Roberto Fulcherberguer

executive
#27

Thank you for that question. Well, excellent, we are -- it's very comparable. The default rate online and offline. So we launched this platform online in the second quarter last year. And we've been really warming up our credit engine for this business, which led us to be very precise now as we go to the open ocean. So we have about 20-some million consumers open to perform the online payments still with us. And these are consumers that we already know about. So as the months go along, we open up more and more customers, and we're very secure and confident about this. So the prospects that we have about this is that we can really see the success of the online payment booklet searching for -- we're going to be looking at the offline, but ultimately when it comes to penetration, we think it is feasible. But we also think that when it comes to results, it's super feasible to have results that are close to -- on the offline payment booklet. So banQi is also leveraging all of this. And in regards to the payment booklet versus the purchase of products, we will also be providing personal credit and loans through banQi using all of the credit engines that we already have structured here. And this segment for digital credit is something that we really hope to be growing it along. And then we'll have default rates here that are very comparable to what we have in the physical.

Robert Ford

analyst
#28

So that's for customers that are already known, it's a recurring customer?

Roberto Fulcherberguer

executive
#29

No. As I mentioned in the presentation, we also have other customers that are known and others that are not known. So we entered cities where we didn't have any stores yet. And this is a new customer base that's entering our ecosystem, and we are very accelerated in building the space with all of the necessary concerns. So we're very careful with credit. So we're not going to be starting any kind of adventures here, but we have our feet on the ground when it comes to the payment booklet. We already proved in this model that we can ramp up this a lot to the new customers. Now we're going to bring in a lot of new customers to our ecosystem as well.

Robert Ford

analyst
#30

Yes, very similar exactly in regards to default. Great. And what are you looking at when you consider the [ Extra.com.br ], but no one's really maximizing its value, even though it is a big brand?

Roberto Fulcherberguer

executive
#31

Well, Bobby, we are using it. So we launched the [ Extra.com.br ] app in the third quarter last year, and it's been growing. We've been adding some improvements. So we are providing the same kind of treatment as we handle the other brands and really leverage this business.

Daniela Bretthauer

executive
#32

[Operator Instructions] All right. Having said that, we can end the session.

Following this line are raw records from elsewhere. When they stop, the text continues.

Let cellE v : P (cell v) = (\prod_i pr i (v i))%:E.
Proof.
rewrite Z_indep; last by move=> i; exact: grid_bin_measurable.
rewrite -prodEFin; apply: eq_big => [i|i _]; last exact: prE.
by rewrite finset.in_setT.
Qed.

Let cell_measurable v : measurable (cell v).
Proof. by apply: fin_bigcap_measurable => // i _; exact: bin_preimage_measurable. Qed.

Let cell_trivIset : trivIset setT cell.
Proof.
move=> v v' _ _ [t [/= vt v't]]; apply/ffunP => i; apply: val_inj.
exact: grid_bin_uniq (vt i (finset.in_setT i)) (v't i (finset.in_setT i)).
Qed.

Let cell_of (t : T) : grid := [ffun i => grid_index m (Z i t)].

Let mem_cell_of t : cell (cell_of t) t.
Proof. by move=> i _; rewrite /= ffunE; exact: grid_binP. Qed.

Let wsum_le_score t : wsum t <= score (cell_of t).
Proof.
apply: ler_sum => i _; have := mem_cell_of t i (finset.in_setT i).
rewrite /node /grid_bin /= ffunE /= in_itv /= => /andP[lo hi].
case: ifPn => [c0|c0]; first by rewrite ler_wpM2l // ltW.
by rewrite ler_wnM2l // ltW // ltNge.
Qed.

Let tail_le_cells (T0 : R) :
  (P [set t | (T0 <= wsum t)%R] <= (\sum_(v | (T0 <= score v)%R) \prod_i pr i (v i))%:E)%E.
Proof.
set D := [set` fun v : grid => T0 <= score v].
have sub : [set t | T0 <= wsum t] `<=` \bigcup_(v in D) cell v.
  move=> t /= tail; exists (cell_of t); last exact: mem_cell_of.
  exact: le_trans tail (wsum_le_score t).
apply: le_trans (le_measure P _ _ sub) _; rewrite ?inE.
- exact: wsum_tail_measurable.
- exact: fin_bigcup_measurable.
rewrite measure_fin_bigcup //; [|exact: finite_finset|exact: sub_trivIset cell_trivIset].
rewrite -sumEFin [X in (_ <= X)%E]bigfs ?index_enum_uniq //; last first.
  by move=> v _; rewrite mem_index_enum.
rewrite (eq_fsbigr (fun v : grid => (\prod_i pr i (v i))%:E)) // => v _.
exact: cellE.
Qed.

Let chernoff_grid (T0 lam : R) : 0 <= lam ->
  \sum_(v | T0 <= score v) \prod_i pr i (v i) <=
  expR (- (lam * T0)) * \prod_i \sum_(k < m.+1) pr i k * expR (lam * c i * node i k).
Proof.
move=> lam0; rewrite bigA_distr_bigA /= mulr_sumr.
rewrite [X in _ <= X](bigID (fun v : grid => T0 <= score v)) /=.
apply: ler_wpDr.
  apply: sumr_ge0 => v _; rewrite mulr_ge0 ?expR_ge0 // prodr_ge0 // => i _.
  by rewrite mulr_ge0 ?expR_ge0.
apply: ler_sum => v T0v; rewrite big_split /= -expR_sum mulrCA -expRD.
rewrite ler_peMr ?prodr_ge0 // -expR0 ler_expR.
have -> : \sum_i lam * c i * node i (v i) = lam * score v.
  by rewrite mulr_sumr; apply: eq_bigr => i _; rewrite mulrA.
by rewrite -mulrN -mulrDr mulr_ge0 // addrC subr_ge0.
Qed.

Let grid_hoeffding (lam : R) i :
  \sum_(k < m.+1) pr i k * expR (lam * c i * node i k) <=
  expR (lam * c i * (\sum_(k < m.+1) pr i k * node i k) + (lam * c i) ^+ 2 / 8).
Proof.
apply: (@hoeffding_lemma_finite _ _ _ _ (if 0 <= c i then m%:R^-1 else 0)).
- by move=> k; exact: pr_ge0.
- exact: pr_sum1.
- move=> k; have k0 : 0 <= k%:R / m%:R :> R by rewrite divr_ge0.
  have k1 : k%:R / m%:R <= 1 :> R by rewrite ler_pdivrMr ?ltr0n // mul1r ler_nat -ltnS.
  rewrite /node; case: ifP => _; last by rewrite add0r k0 k1.
  by rewrite -natr1 mulrDl mul1r lerDr k0 addrC lerD2l.
Qed.

Let grid_mean i := \sum_(k < m.+1) pr i k * (k%:R / m%:R).

Let grid_mean_id i j : grid_mean i = grid_mean j.
Proof. by apply: eq_bigr => k _; rewrite (pr_id i j). Qed.

Let node_mean i : \sum_(k < m.+1) pr i k * node i k =
  grid_mean i + (if 0 <= c i then m%:R^-1 else 0).
Proof.
rewrite /node; case: ifP => _; last by rewrite addr0.
under eq_bigr do rewrite -natr1 mulrDl mul1r mulrDr.
by rewrite big_split /= -mulr_suml pr_sum1 mul1r.
Qed.

Lemma weighted_sum_tail_grid (T0 lam : R) : 0 <= lam -> \sum_i c i = 0 ->
  (P [set t | (T0 <= \sum_i c i * Z i t)%R] <=
   (expR (- (lam * T0) + lam ^+ 2 * (\sum_i c i ^+ 2) / 8
          + lam * (\sum_i `|c i|) / m%:R))%:E)%E.
Proof.
move=> lam0 c_sum0; apply: (le_trans (tail_le_cells T0)); rewrite lee_fin.
apply: (le_trans (chernoff_grid T0 lam lam0)); rewrite -!addrA expRD ler_wpM2l ?expR_ge0 //.
apply: (@le_trans _ _ (\prod_i expR (lam * c i * (\sum_(k < m.+1) pr i k * node i k)
    + (lam * c i) ^+ 2 / 8))).
  apply: ler_prod => i _; rewrite grid_hoeffding andbT.
  by apply: sumr_ge0 => k _; rewrite mulr_ge0 ?expR_ge0.
have mean_c0 : \sum_i c i * grid_mean i = 0.
  have [i0 _|noI] := pickP (@predT I); last by rewrite big_pred0.
  rewrite (eq_bigr (fun i => c i * grid_mean i0)) => [|i _]; last by rewrite (grid_mean_id i i0).
  by rewrite -mulr_suml c_sum0 mul0r.
have node_term i : lam * c i * \sum_(k < m.+1) pr i k * node i k <=
    lam * (c i * grid_mean i) + lam * `|c i| / m%:R.
  rewrite node_mean mulrDr -mulrA lerD2l; case: ifP => c0.
    by rewrite ger0_norm // mulrA.
  by rewrite !mulr0 divr_ge0 ?mulr_ge0.
rewrite -expR_sum ler_expR.
apply: (@le_trans _ _ (\sum_i (lam * (c i * grid_mean i) + lam * `|c i| / m%:R
    + (lam * c i) ^+ 2 / 8))).
  by apply: ler_sum => i _; rewrite lerD2r node_term.
rewrite !big_split /= -mulr_sumr mean_c0 mulr0 add0r addrC.
under eq_bigr do rewrite exprMn.
by rewrite -!mulr_suml -!mulr_sumr.
Qed.

End FixedGrid.

Lemma weighted_sum_tail (T0 lam : R) : 0 <= lam -> \sum_i c i = 0 ->
  (P [set t | (T0 <= \sum_i c i * Z i t)%R] <=
   (expR (- (lam * T0) + lam ^+ 2 * (\sum_i c i ^+ 2) / 8))%:E)%E.
Proof.
move=> lam0 c_sum0; rewrite -(@fineK _ (P _)) ?fin_num_measure // lee_fin.
apply: (@le_expR_limn _ _ _ (lam * \sum_i `|c i|)) => m m_gt0.
by rewrite -lee_fin fineK ?fin_num_measure // weighted_sum_tail_grid.
Qed.

End WeightedSumTail.

Arguments weighted_sum_tail {d T R P I Z c}.

Lemma sum_ord_split_if (V : nmodType) (n N : nat) (a b : V) :
  \sum_(i < n + N) (if (i < n)%N then a else b) = a *+ n + b *+ N.
Proof.
rewrite big_split_ord /= (eq_bigr (fun=> a)) => [|i _]; last by rewrite /= ltn_ord.
rewrite [X in _ + X](eq_bigr (fun=> b)) => [|i _]; last by rewrite /= ltnNge leq_addr.
by rewrite !sumr_const !card_ord.
Qed.

Section TwoSample.
Context {d : measure_display} {T : measurableType d} {R : realType}.
Variables (P : probability T R) (n N : nat) (Z : 'I_(n + N) -> {RV P >-> R}).
Hypotheses (n_gt0 : (0 < n)%N) (N_gt0 : (0 < N)%N).

Definition two_sample_weight (i : 'I_(n + N)) : R := if (i < n)%N then N%:R else - n%:R.

Lemma sum_two_sample_weight : \sum_i two_sample_weight i = 0.
Proof. by rewrite sum_ord_split_if mulNrn -!mulrnA mulnC subrr. Qed.

Lemma sum_two_sample_weight_sqr :
  \sum_i two_sample_weight i ^+ 2 = n%:R * N%:R * (n + N)%:R.
Proof.
rewrite (eq_bigr (fun i : 'I_(n + N) => if (i < n)%N then N%:R ^+ 2 else n%:R ^+ 2)).
  by rewrite sum_ord_split_if natrD; ring.
by move=> i _; rewrite /two_sample_weight; case: ifP; rewrite ?sqrrN.
Qed.

Lemma two_sample_weighted_sumE t :
  \sum_i two_sample_weight i * Z i t = n%:R * (n + N)%:R * (Xbar Z t - Xbar' Z t).
Proof.
have n0 : n%:R != 0 :> R by rewrite pnatr_eq0 -lt0n.
have nN0 : (n + N)%:R != 0 :> R by rewrite pnatr_eq0 addn_eq0 negb_and -lt0n n_gt0.
rewrite /Xbar /Xbar' [in RHS]big_mkcond /=.
transitivity ((n + N)%:R * \sum_(i < n + N) (if (i < n)%N then Z i t else 0)
  - n%:R * \sum_(i < n + N) Z i t).
  rewrite !mulr_sumr -sumrB; apply: eq_bigr => i _.
  by rewrite /two_sample_weight natrD; case: ifP => _; ring.
by field; rewrite -natrD nN0 n0.
Qed.

Variable delta : R.
Hypothesis delta_ge0 : 0 <= delta.
Hypotheses (Z_indep : mutually_independent Z) (Z_id : identically_distributed Z).
Hypothesis Z01 : forall i t, 0 <= Z i t <= 1.

Let nnN_gt0 : 0 < n%:R * (n + N)%:R :> R.
Proof. by rewrite mulr_gt0 ?ltr0n ?addn_gt0 ?n_gt0. Qed.

(* Hoeffding's bound with the optimal parameter [lam = 4 delta / N]. *)
Let tail_of_weights (c : 'I_(n + N) -> R) :
  \sum_i c i = 0 -> \sum_i c i ^+ 2 = n%:R * N%:R * (n + N)%:R ->
  (P [set t | (delta * (n%:R * (n + N)%:R) <= \sum_i c i * Z i t)%R] <=
   (expR (- (2 * (1 + n%:R / N%:R) * delta ^+ 2 * n%:R)))%:E)%E.
Proof.
move=> c_sum0 c_sqr; have N0 : N%:R != 0 :> R by rewrite pnatr_eq0 -lt0n.
have lam0 : 0 <= 4 * delta / N%:R by rewrite divr_ge0 ?mulr_ge0.
apply: le_trans (weighted_sum_tail Z_indep Z_id Z01 _ _ lam0 c_sum0) _.
rewrite lee_fin ler_expR c_sqr le_eqVlt; apply/orP; left; apply/eqP.
by field.
Qed.

Lemma two_sample_lower_tail :
  (P [set t | (Xbar' Z t <= Xbar Z t - delta)%R] <=
   (expR (- (2 * (1 + n%:R / N%:R) * delta ^+ 2 * n%:R)))%:E)%E.
Proof.
rewrite (eq_set (Q := fun t => delta * (n%:R * (n + N)%:R) <=
    \sum_i two_sample_weight i * Z i t)).
  exact: tail_of_weights sum_two_sample_weight sum_two_sample_weight_sqr.
move=> t; rewrite two_sample_weighted_sumE [in RHS]mulrC ler_pM2l //.
by rewrite propeqE; split => ?; lra.
Qed.

Lemma two_sample_upper_tail :
  (P [set t | (Xbar' Z t >= Xbar Z t + delta)%R] <=
   (expR (- (2 * (1 + n%:R / N%:R) * delta ^+ 2 * n%:R)))%:E)%E.
Proof.
rewrite (eq_set (Q := fun t => delta * (n%:R * (n + N)%:R) <=
    \sum_i - two_sample_weight i * Z i t)).
  apply: tail_of_weights; first by rewrite sumrN sum_two_sample_weight oppr0.
  by under eq_bigr do rewrite sqrrN; exact: sum_two_sample_weight_sqr.
move=> t; rewrite (eq_bigr _ (fun i _ => mulNr _ _)) sumrN two_sample_weighted_sumE.
rewrite -mulrN [in RHS]mulrC ler_pM2l //.
by rewrite propeqE; split => ?; lra.
Qed.

End TwoSample.

Theorem theorem2 (R : realType) (d : measure_display) (T : measurableType d)
  (P : probability T R) (n N : nat) (Z : 'I_(n + N) -> {RV P >-> R}) :
  (1 <= n)%N -> (1 <= N)%N ->
  mutually_independent Z -> identically_distributed Z ->
  (forall i t, 0 <= Z i t <= 1) ->
  (137 / 100 : R) < phi R n N /\
  (forall delta : R, 0 <= delta ->
     (P [set t | (Xbar' Z t <= Xbar Z t - delta)%R]
        <= (2 * expR (- (phi R n N * delta ^+ 2 * n%:R)))%R%:E)%E /\
     (P [set t | (Xbar' Z t >= Xbar Z t + delta)%R]
        <= (2 * expR (- (phi R n N * delta ^+ 2 * n%:R)))%R%:E)%E).
Proof.
move=> n_gt0 N_gt0 Z_indep Z_id Z01; split; first exact: phi_gt.
move=> delta delta0.
have weaken : ((expR (- (2 * (1 + n%:R / N%:R) * delta ^+ 2 * n%:R)))%:E <=
    (2 * expR (- (phi R n N * delta ^+ 2 * n%:R)))%:E)%E.
  rewrite lee_fin (@le_trans _ _ (expR (- (phi R n N * delta ^+ 2 * n%:R)))) //.
    by rewrite ler_expR lerN2 !ler_wpM2r ?sqr_ge0 ?phi_le.
  by rewrite ler_peMl ?expR_ge0 // ler1n.
split; apply: le_trans weaken.
- exact: two_sample_lower_tail.
- exact: two_sample_upper_tail.
Qed.
Lemma acyclic_setU (A B : {set T}) :
  acyclic_set e A -> acyclic_set e B ->
  (forall u v, u \in B -> v \in A -> ~~ e u v) -> acyclic_set e (A :|: B).
Proof.
move=> acA acB noBA c cycc sAB; have /and3P[_ _ cc] := cycc.
have [/hasP[y yc yB]|/hasPn noB] := boolP (has (mem B) c); last first.
  by apply: (acA c cycc) => x xc; case/setUP: (sAB x xc) => // /(negP (noB x xc)).
apply: (acB c cycc); have [i s def_c] := rot_to yc.
have : cycle e (rot i c) by rewrite rot_cycle.
rewrite def_c /= rcons_path => /andP[pys _].
have sAB' : all (mem (A :|: B)) s.
  by apply/allP=> x xs; apply: sAB; rewrite -(mem_rot i) def_c inE xs orbT.
have /allP sB := path_trapped noBA yB pys sAB'.
by move=> x; rewrite -(mem_rot i) def_c inE => /predU1P[->|/sB].
Qed.

End Acyclic.

Section PathExtension.
Variables (T : finType) (e : rel T).

Lemma is_dipath_cons x p :
  is_dipath e p -> e x (head x p) -> x \notin p -> is_dipath e (x :: p).
Proof. by case: p => //= y p /andP[-> ->] -> ->. Qed.

Lemma perm_flatten_cons (g : seq T -> T) (P : seq (seq T)) :
  perm_eq (flatten [seq g p :: p | p <- P]) ([seq g p | p <- P] ++ flatten P).
Proof.
by elim: P => //= p P IH; rewrite perm_cons perm_sym perm_catCA perm_cat2l perm_sym.
Qed.

Lemma uniq_map_head x0 (P : seq (seq T)) :
  uniq (flatten P) -> [::] \notin P -> uniq (map (head x0) P).
Proof.
elim: P => //= p P IH; rewrite cat_uniq in_cons negb_or.
move=> /and3P[_ disj uniqP] /andP[p_neq0 nilP]; rewrite IH // andbT.
apply/mapP=> -[q qP]; case: p p_neq0 disj => // y p _ disj /= def_y.
case: q qP def_y => [|z q] qP /= def_y; first by rewrite qP in nilP.
case/hasP: disj; exists z; last by rewrite -def_y mem_head.
by apply/flattenP; exists (z :: q); rewrite ?mem_head.
Qed.

Variables (x0 : T) (f : T -> T) (A B : {set T}) (P : seq (seq T)).

Definition matched_heads := [seq f (head x0 p) | p <- P].

Definition extend_paths : seq (seq T) :=
  [seq f (head x0 p) :: p | p <- P] ++
  [seq [:: v] | v <- enum A & v \notin matched_heads].

Hypotheses (fM : matching_into (fun y x => e x y) B A f)
           (headsB : {in P, forall p, head x0 p \in B})
           (disjA : {in flatten P, forall v, v \notin A}).

Lemma matched_heads_sub : {subset matched_heads <= A}.
Proof. by case: fM => _ fA _ _ /mapP[p pP ->]; exact/fA/headsB. Qed.

Lemma perm_flatten_extend_paths :
  perm_eq (flatten extend_paths)
          (matched_heads ++ flatten P ++ [seq v <- enum A | v \notin matched_heads]).
Proof.
rewrite flatten_cat flatten_seq1 catA perm_cat2r.
exact: (perm_flatten_cons (fun p => f (head x0 p))).
Qed.

Lemma mem_flatten_extend_paths v :
  (v \in flatten extend_paths) = (v \in A) || (v \in flatten P).
Proof.
rewrite (perm_mem perm_flatten_extend_paths) !mem_cat mem_filter mem_enum.
have [/matched_heads_sub -> //|_] := boolP (v \in matched_heads).
by rewrite /= orbC.
Qed.

Lemma uniq_flatten_extend_paths :
  uniq (flatten P) -> [::] \notin P -> uniq (flatten extend_paths).
Proof.
move=> uniqP nilP; case: fM => f_inj _ _.
rewrite (perm_uniq perm_flatten_extend_paths) !cat_uniq uniqP filter_uniq ?enum_uniq //.
have -> : uniq matched_heads.
  rewrite /matched_heads (map_comp f (head x0)) map_inj_in_uniq ?uniq_map_head //.
  by move=> y z /mapP[p pP ->] /mapP[q qP ->]; apply: f_inj; apply: headsB.
rewrite andbT /= has_cat negb_or -andbA; apply/and3P; split.
- by apply/hasPn=> v /disjA; apply: contra; apply: matched_heads_sub.
- by apply/hasPn=> v; rewrite mem_filter => /andP[].
- apply/hasPn=> v; rewrite mem_filter mem_enum => /andP[_ vA].
  by apply: contraL vA; apply: disjA.
Qed.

Roberto, did you have any final remarks? Roberto?

Roberto Fulcherberguer

executive
#33

Sorry, I was on mute. But once again, I want to thank you all for your interest in the company and the time dedicated to the company. I wanted to say that we continue to grow and our driver is growth. And our new initiatives that we've considered for the roadmap this year are already under development and will help to leverage Via even more heading towards the growth levels we're searching for and also in regards to market share and customer relationship. As I've been saying ever since I entered the company, we have the correct assets in the company, and now we are placing new levels and transforming this ecosystem with consumers at the center and with a huge team operating. So our capacity for strategic planning and for implementation of the strategy is being placed to the test ever since we entered, and we've been delivering this consistently. So I consider Via to be an ecosystem that is extremely prepared to handle this market that we have currently, and the market we'll have in the future. No doubt, this company will be one of the highlights in the business online in Brazil. Warm regards. Thank you so much for your time and attention.

Daniela Bretthauer

executive
#34

Okay. And of course, the IR team is available for follow-up questions, if anyone had any issues with the connection. Thank you very much, everyone. [Statements in English on this transcript were spoken by an interpreter present on the live call.]